Cette considérable disparité du côté des pouvoirs, nous la retrouvons fatalement dans les « rangs » du soulèvement du 17 octobre. Véritable morcellement. Et nous nous doutions bien que quand viendraient les inévitables temps d’incertitudes, d’hésitation, d’usure, les forces de nuisances qui ne sont pas directement aux commandes actuellement, allaient en profiter pour s’infiltrer et tenter de phagocyter le soulèvement, voire le déborder, le détourner, avançant leurs pions et leurs revendications qui n’ont absolument rien d’alternatif, qui ne sont rien d’autre que l’autre versant, tout juste rafistolé, de cette faillite locale – féodale, patronale, seigneuriale (il y a toujours de nouveaux prétendants, le président et sa clique en sont un parfait exemple), paternaliste, communautariste, clientéliste, et j’en passe – de cette économie marchande, quelle que soit sa version, qui a toujours été pour le moins ravageuse par ici. Ce confinement, ce couvre-feu, y ont largement contribué évidemment, nous court-circuitant. Il n’empêche que nous n’avons pas pu ou su, dans l’élan qui était le nôtre, transcender notre rage et franchir la marche nécessaire, primordiale, pour nous projeter plus en avant. Il ne s’agit pas ici de jeter la pierre à quiconque, à soi peut-être, sûrement. Cette révolution sur soi que nous n’avons pas pu, su, entreprendre, pas encore. Le temps nous a manqué, autant parce que les adversaires nous poussaient, nous obligeaient, à être essentiellement dans la réactivité, que parce que, asservis à notre ère et ses empressements, et maintenant à l’urgence du pain quotidien, nous avons toutes les difficultés du monde à ne pas admettre qu’il ne s’agissait pas et qu’il ne s’agit toujours pas de réponses à trouver, encore moins immédiates, mais d’un profond et permanent questionnement, à tous les niveaux, de toute part, fondamentalement, à titre individuel et à titre collectif, à voix basse et à voix haute, autant quant à ce qui nous constitue, qu’à nos aspirations, sans bien entendu suspendre nos diverses actions, tout au contraire ! Tout nait de l’action, geste premier. Chaque quartier, chaque village, chaque ville, chaque région, partout où le soulèvement a pris, persiste malgré tout, quelle qu’en soit l’ampleur, d’une manière ou d’une autre, en témoignent.
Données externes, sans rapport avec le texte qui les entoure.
Lemma cdist_ge_coord (z w : C) :
  `|z.1 - w.1| <= cdist z w /\ `|z.2 - w.2| <= cdist z w.
Proof.
have s0 := addr_ge0 (sqr_ge0 (z.1 - w.1)) (sqr_ge0 (z.2 - w.2)).
by split; rewrite -sqrtr_sqr /cdist ler_sqrt // ?lerDl ?lerDr sqr_ge0.
Qed.

Lemma cdist_le_coord (z w : C) : cdist z w <= `|z.1 - w.1| + `|z.2 - w.2|.
Proof.
have n1 := normr_ge0 (z.1 - w.1); have n2 := normr_ge0 (z.2 - w.2).
rewrite -[X in _ <= X]ger0_norm ?addr_ge0 // -sqrtr_sqr /cdist ler_sqrt ?sqr_ge0 //.
rewrite -(real_normK (num_real (z.1 - w.1))) -(real_normK (num_real (z.2 - w.2))).
move: n1 n2; set a := `|_ - _|; set b := `|_ - _| => n1 n2.
by have := mulr_ge0 n1 n2; rewrite sqrrD mulr2n; lra.
Qed.

Lemma cdist_lerp_l (a b : C) (k : R) : 0 <= k ->
  cdist (a + k *: (b - a)) a = k * cdist a b.
Proof.
move=> k0; rewrite /cdist /=.
have -> : (a.1 + k * (b.1 - a.1) - a.1) ^+ 2 + (a.2 + k * (b.2 - a.2) - a.2) ^+ 2
  = k ^+ 2 * ((a.1 - b.1) ^+ 2 + (a.2 - b.2) ^+ 2) by ring.
by rewrite sqrtrM ?sqr_ge0 // sqrtr_sqr ger0_norm.
Qed.

Lemma cdist_lerp_r (a b : C) (k : R) : k <= 1 ->
  cdist (a + k *: (b - a)) b = (1 - k) * cdist a b.
Proof.
move=> k1; rewrite /cdist /=.
have -> : (a.1 + k * (b.1 - a.1) - b.1) ^+ 2 + (a.2 + k * (b.2 - a.2) - b.2) ^+ 2
  = (1 - k) ^+ 2 * ((a.1 - b.1) ^+ 2 + (a.2 - b.2) ^+ 2) by ring.
by rewrite sqrtrM ?sqr_ge0 // sqrtr_sqr ger0_norm // subr_ge0.
Qed.

Lemma bl_length_ge0 (s : seq C) : 0 <= bl_length s.
Proof.
elim: s => [|a [|b s] IHs] //=.
by rewrite addr_ge0 // cdist_ge0.
Qed.

Lemma bl_length_cons2 (a b : C) (s : seq C) :
  bl_length [:: a, b & s] = cdist a b + bl_length (b :: s).
Proof. by []. Qed.

Lemma bl_length_gt0 (s : seq C) : broken_line s -> 0 < bl_length s.
Proof.
case: s => [|a [|b s]] [] // _ [ab _]; rewrite bl_length_cons2.
by apply: ltr_wpDr; [exact: bl_length_ge0|exact: cdist_gt0].
Qed.

Lemma arcpt_first (a b : C) (s : seq C) (u : R) : u <= cdist a b ->
  arcpt [:: a, b & s] u = a + (u / cdist a b) *: (b - a).
Proof. by move=> ud; rewrite [arcpt _ _]/= ud. Qed.

Lemma arcpt_next (a b : C) (s : seq C) (u : R) : cdist a b < u ->
  arcpt [:: a, b & s] u = arcpt (b :: s) (u - cdist a b).
Proof.
by move=> du; rewrite {1}/arcpt -/arcpt ifF //; apply/negbTE; rewrite -ltNge.
Qed.

Lemma arcpt_near_last (s : seq C) : broken_line s ->
  exists dl, [/\ 0 < dl, dl <= bl_length s &
    forall v, 0 <= v -> v < dl ->
      cdist (arcpt s (bl_length s - v)) (last 0 s) = v].
Proof.
case=> + cs; elim: s cs => [|a [|b [|c s]] IHs] // [ab cs] _.
  have d0 := @cdist_gt0 a b ab.
  exists (cdist a b); split => // [|v v0 vd]; first by rewrite [bl_length _]/= addr0.
  rewrite [bl_length _]/= addr0 arcpt_first; last by lra.
  rewrite cdist_lerp_r; first by field; rewrite gt_eqF.
  by rewrite ler_pdivrMr // mul1r; lra.
have [dl [dl0 dlL near_last]] := IHs cs isT.
have := cdist_ge0 a b; rewrite bl_length_cons2 => ab0.
exists dl; split => [//|//|v v0 vd]; first lra.
rewrite arcpt_next; last by lra.
have -> : cdist a b + bl_length [:: b, c & s] - v - cdist a b =
  bl_length [:: b, c & s] - v by ring.
exact: near_last.
Qed.
Lemma pattern_total_dominating P : domination_check false P ->
  total_dominating (CnCm_adj n m) (pattern_set P).
Proof. by move=> chk; apply/forallP => x; apply: pattern_dominates chk x. Qed.

Lemma pattern_dominating P : domination_check true P -> dominating (CnCm_adj n m) (pattern_set P).
Proof. by move=> chk; apply/forallP => x; apply: pattern_dominates chk x. Qed.

Section Pairing.
Variable tbl : seq (nat * nat * dir).
Hypothesis pairing_ok : pairing_check tbl.

Definition partner (x : 'I_n * 'I_m) : 'I_n * 'I_m :=
  if lookup tbl (label x) is Some d then step d x else x.

Lemma partner_step x : x \in pattern_set (in_table tbl) ->
  exists d, partner x = step d x /\ lookup tbl (label (step d x)) = Some (flip d).
Proof.
rewrite inE /in_table /partner; case E: (lookup _ _) => [d|//] _; exists d; split=> //.
move/allP: pairing_ok => /(_ _ (lookup_mem E))/allP/(_ _ (label_step d x)).
by move/eqP.
Qed.

Lemma pattern_paired_dominating : 1 < n -> 1 < m -> domination_check true (in_table tbl) ->
  paired_dominating (CnCm_adj n m) (pattern_set (in_table tbl)).
Proof.
move=> n_gt1 m_gt1 chk; rewrite /paired_dominating pattern_dominating //=.
apply/existsP; exists (pairs_of (pattern_set (in_table tbl)) partner).
apply: perfect_matching_of_involution => x /partner_step[d [-> lookup_d]].
- by rewrite inE /in_table lookup_d.
- by rewrite /partner lookup_d stepK.
- exact: step_neq.
- exact: adj_step.
Qed.

End Pairing.

Definition weight (P : pred (nat * nat)) (s s' : seq nat) : nat :=
  \sum_(a <- s) \sum_(b <- s') P (a, b).

Lemma card_pattern_set P : #|pattern_set P| = weight P s s'.
Proof.
rewrite /weight -(big_nth_ord 0 (fun a => \sum_(b <- s') P (a, b)) size_s).
under eq_bigr do rewrite -(big_nth_ord 0 (fun b => P (_, b)) size_s').
rewrite pair_big /= -sum1_card big_mkcond /=.
by apply: eq_bigr => x _; rewrite inE; case: (P _).
Qed.

End GridPattern.

Lemma sum_word (F : nat -> nat) S q :
  \sum_(a <- word S q) F a = q * \sum_(a <- block S) F a + \sum_(a <- final S) F a.
Proof. by rewrite big_cat big_flatten big_nseq iter_addn_0 mulnC. Qed.

Lemma weight_word P S S' q q' :
  weight P (word S q) (word S' q') =
  q * q' * weight P (block S) (block S') + q * weight P (block S) (final S')
  + q' * weight P (final S) (block S') + weight P (final S) (final S').
Proof.
rewrite /weight; under eq_bigr do rewrite sum_word.
by rewrite sum_word !big_split -!big_distrr /= !mulnDr !mulnA !addnA.
Qed.

Section WordPatterns.
Variables (S S' : scheme) (q q' : nat).
Hypotheses (okS : scheme_ok S) (okS' : scheme_ok S').

Lemma gamma_t_word P : domination_check S S' false P ->
  gamma_t (CnCm_adj (size (word S q)) (size (word S' q'))) <= weight P (word S q) (word S' q').
Proof.
move=> chk; rewrite -(card_pattern_set (erefl _) (erefl _)); apply: min_card_le.
exact: (pattern_total_dominating (erefl _) (erefl _) (cycle_word _ okS) (cycle_word _ okS')
          (@mem_word _ _) (@mem_word _ _) chk).
Qed.
(* Conjugation maps stars to stars ([star_conj]), so the subgroup generated by
   the stars is normal, hence already an ideal. *)
Lemma is_ideal_star_subgroup : is_ideal star_subgroup.
Proof.
  split; [split; [| split] | split].
  - intros S [S1 _] _. exact S1.
  - intros y z Hy Hz S HS Hst. apply (proj1 (proj2 HS)); [apply Hy | apply Hz]; assumption.
  - intros y Hy S HS Hst. apply (proj2 (proj2 HS)), Hy; assumption.
  - intros g s Hs S HS Hst.
    apply (Hs (fun y => S (conj g y))).
    + apply is_subgroup_preim; [apply conj_mul | exact HS].
    + intros a b. unfold conj. rewrite star_conj. apply Hst.
  - intros g s _ S _ Hst. apply Hst.
Qed.

Lemma star_ideal_star_subgroup (x : G) : star_ideal x -> star_subgroup x.
Proof.
  intro Hx. apply Hx; [exact is_ideal_star_subgroup |].
  intros a b S _ Hst. apply Hst.
Qed.

Lemma star_ideal_one : @star_ideal G (one G).
Proof. intros S [[S1 _] _] _. exact S1. Qed.

Lemma star_ideal_star (a b : G) : star_ideal (star a b).
Proof. intros S _ HS. apply HS. Qed.

Lemma star_ideal_mul (x y : G) : star_ideal x -> star_ideal y -> star_ideal (mul x y).
Proof.
  intros Hx Hy S HS Hst. specialize (Hx S HS Hst). specialize (Hy S HS Hst).
  destruct HS as [[_ [SM _]] _]. exact (SM _ _ Hx Hy).
Qed.

Lemma star_ideal_inv (x : G) : star_ideal x -> star_ideal (inv x).
Proof.
  intros Hx S HS Hst. specialize (Hx S HS Hst).
  destruct HS as [[_ [_ SV]] _]. exact (SV _ Hx).
Qed.

Lemma star_ideal_conj (g x : G) : star_ideal x -> star_ideal (conj g x).
Proof.
  intros Hx S HS Hst. specialize (Hx S HS Hst).
  destruct HS as [_ [SJ _]]. exact (SJ _ _ Hx).
Qed.

Lemma comm_subgroup_one : @comm_subgroup G (one G).
Proof. intros S [S1 _] _. exact S1. Qed.

Lemma comm_subgroup_comm (a b : G) : comm_subgroup (comm a b).
Proof. intros S _ HS. apply HS. Qed.

Lemma comm_subgroup_mul (x y : G) :
  comm_subgroup x -> comm_subgroup y -> comm_subgroup (mul x y).
Proof.
  intros Hx Hy S HS Hc. specialize (Hx S HS Hc). specialize (Hy S HS Hc).
  destruct HS as [_ [SM _]]. exact (SM _ _ Hx Hy).
Qed.

Lemma comm_subgroup_inv (x : G) : comm_subgroup x -> comm_subgroup (inv x).
Proof.
  intros Hx S HS Hc. specialize (Hx S HS Hc).
  destruct HS as [_ [_ SV]]. exact (SV _ Hx).
Qed.

Lemma Mcomm_star (a b : G) : Mcomm (star a b).
Proof.
  exists (star a b), (one G).
  split; [apply star_ideal_star | split; [apply comm_subgroup_one | symmetry; apply mulg1]].
Qed.

Lemma Mcomm_comm (a b : G) : Mcomm (comm a b).
Proof.
  exists (one G), (comm a b).
  split; [apply star_ideal_one | split; [apply comm_subgroup_comm | symmetry; apply mul1g]].
Qed.

(* (a b)(a' b') = (a (b a' b^-1)) (b b') and (a b)^-1 = (b^-1 a^-1 b) b^-1,
   using that G * G is normal. *)
Lemma is_subgroup_Mcomm : is_subgroup (@Mcomm G).
Proof.
  repeat split.
  - exists (one G), (one G).
    split; [apply star_ideal_one | split; [apply comm_subgroup_one | symmetry; apply mulg1]].
  - intros x y [a [b [Ha [Hb ->]]]] [a' [b' [Ha' [Hb' ->]]]].
    exists (mul a (conj b a')), (mul b b'). repeat split.
    + apply star_ideal_mul, star_ideal_conj; assumption.
    + apply comm_subgroup_mul; assumption.
    + unfold conj. rewrite <- !mulA, (mulA G (inv b) b), mulVg, mul1g. reflexivity.
  - intros x [a [b [Ha [Hb ->]]]].
    exists (conj (inv b) (inv a)), (inv b). repeat split.
    + apply star_ideal_conj, star_ideal_inv; assumption.
    + apply comm_subgroup_inv; assumption.
    + unfold conj. rewrite invK, invM, <- !mulA, mulgV, mulg1. reflexivity.
Qed.

End MLAIdeals.

Section Isoclinism.
Context {H1 G1 K1 H2 G2 K2 : MLA}.
Context {a1 : H1 -> G1} {b1 : G1 -> K1} {a2 : H2 -> G2} {b2 : G2 -> K2}.
Context {lam : K1 -> K2} {mu : G1 -> G2}.

Hypothesis b1_hom : is_hom b1.
Hypothesis b2_hom : is_hom b2.
Hypothesis lam_hom : is_hom lam.
Hypothesis b2_surj : forall k, exists g, b2 g = k.
Hypothesis mu_mul : mul_hom_on Mcomm mu.
Hypothesis mu_compat : forall (g g' : G1) (h h' : G2),
  b2 h = lam (b1 g) -> b2 h' = lam (b1 g') ->
  mu (comm g g') = comm h h' /\ mu (star g g') = star h h'.

Lemma lam_b1_star (c d : G1) : lam (b1 (star c d)) = b2 (mu (star c d)).
Proof.
  destruct b1_hom as [_ b1S], b2_hom as [_ b2S], lam_hom as [_ lamS].
  destruct (b2_surj (lam (b1 c))) as [h Hh], (b2_surj (lam (b1 d))) as [h' Hh'].
  destruct (mu_compat c d h h' Hh Hh') as [_ ->].
  rewrite b1S, lamS, b2S, Hh, Hh'. reflexivity.
Qed.

Lemma lam_b1_comm (c d : G1) : lam (b1 (comm c d)) = b2 (mu (comm c d)).
Proof.
  destruct b1_hom as [b1M _], b2_hom as [b2M _], lam_hom as [lamM _].
  destruct (b2_surj (lam (b1 c))) as [h Hh], (b2_surj (lam (b1 d))) as [h' Hh'].
  destruct (mu_compat c d h h' Hh Hh') as [-> _].
  rewrite !hom_comm, Hh, Hh' by assumption. reflexivity.
Qed.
Et cette marche primordiale qui manque n’est pas de l’ordre stratégique, alliance de circonstance entre les différents mouvements et groupes, alliance tactique donc, à courte vue une fois de plus. Le cataclysme est tel que nous nous devons de nous débarrasser des certitudes et des propositions toutes faites, nos vieilles antiennes, afin de parvenir à de formes nouvelles d’organisation et des manières différentes de concevoir les luttes, assumées dans leur pluralité et leur complémentarité, sans hégémonisme aucun et avec le souci constant de défendre l’intégralité de la vie, dans sa riche complexité. Un véritable projet alternatif ne saurait émerger, se développer autrement, déjà plus d’une valise se fait, plus d’une colère se ravale, se transforme en amertume, plus d’une lame se tourne contre soi.

Que notre seule certitude soit l’identité de nos invariables adversaires.

Nous n’étions pas prêts ? Même préparés, nous ne le sommes jamais vraiment.

Mais qu’avons-nous à perdre ? C’est encore et toujours maintenant ou jamais.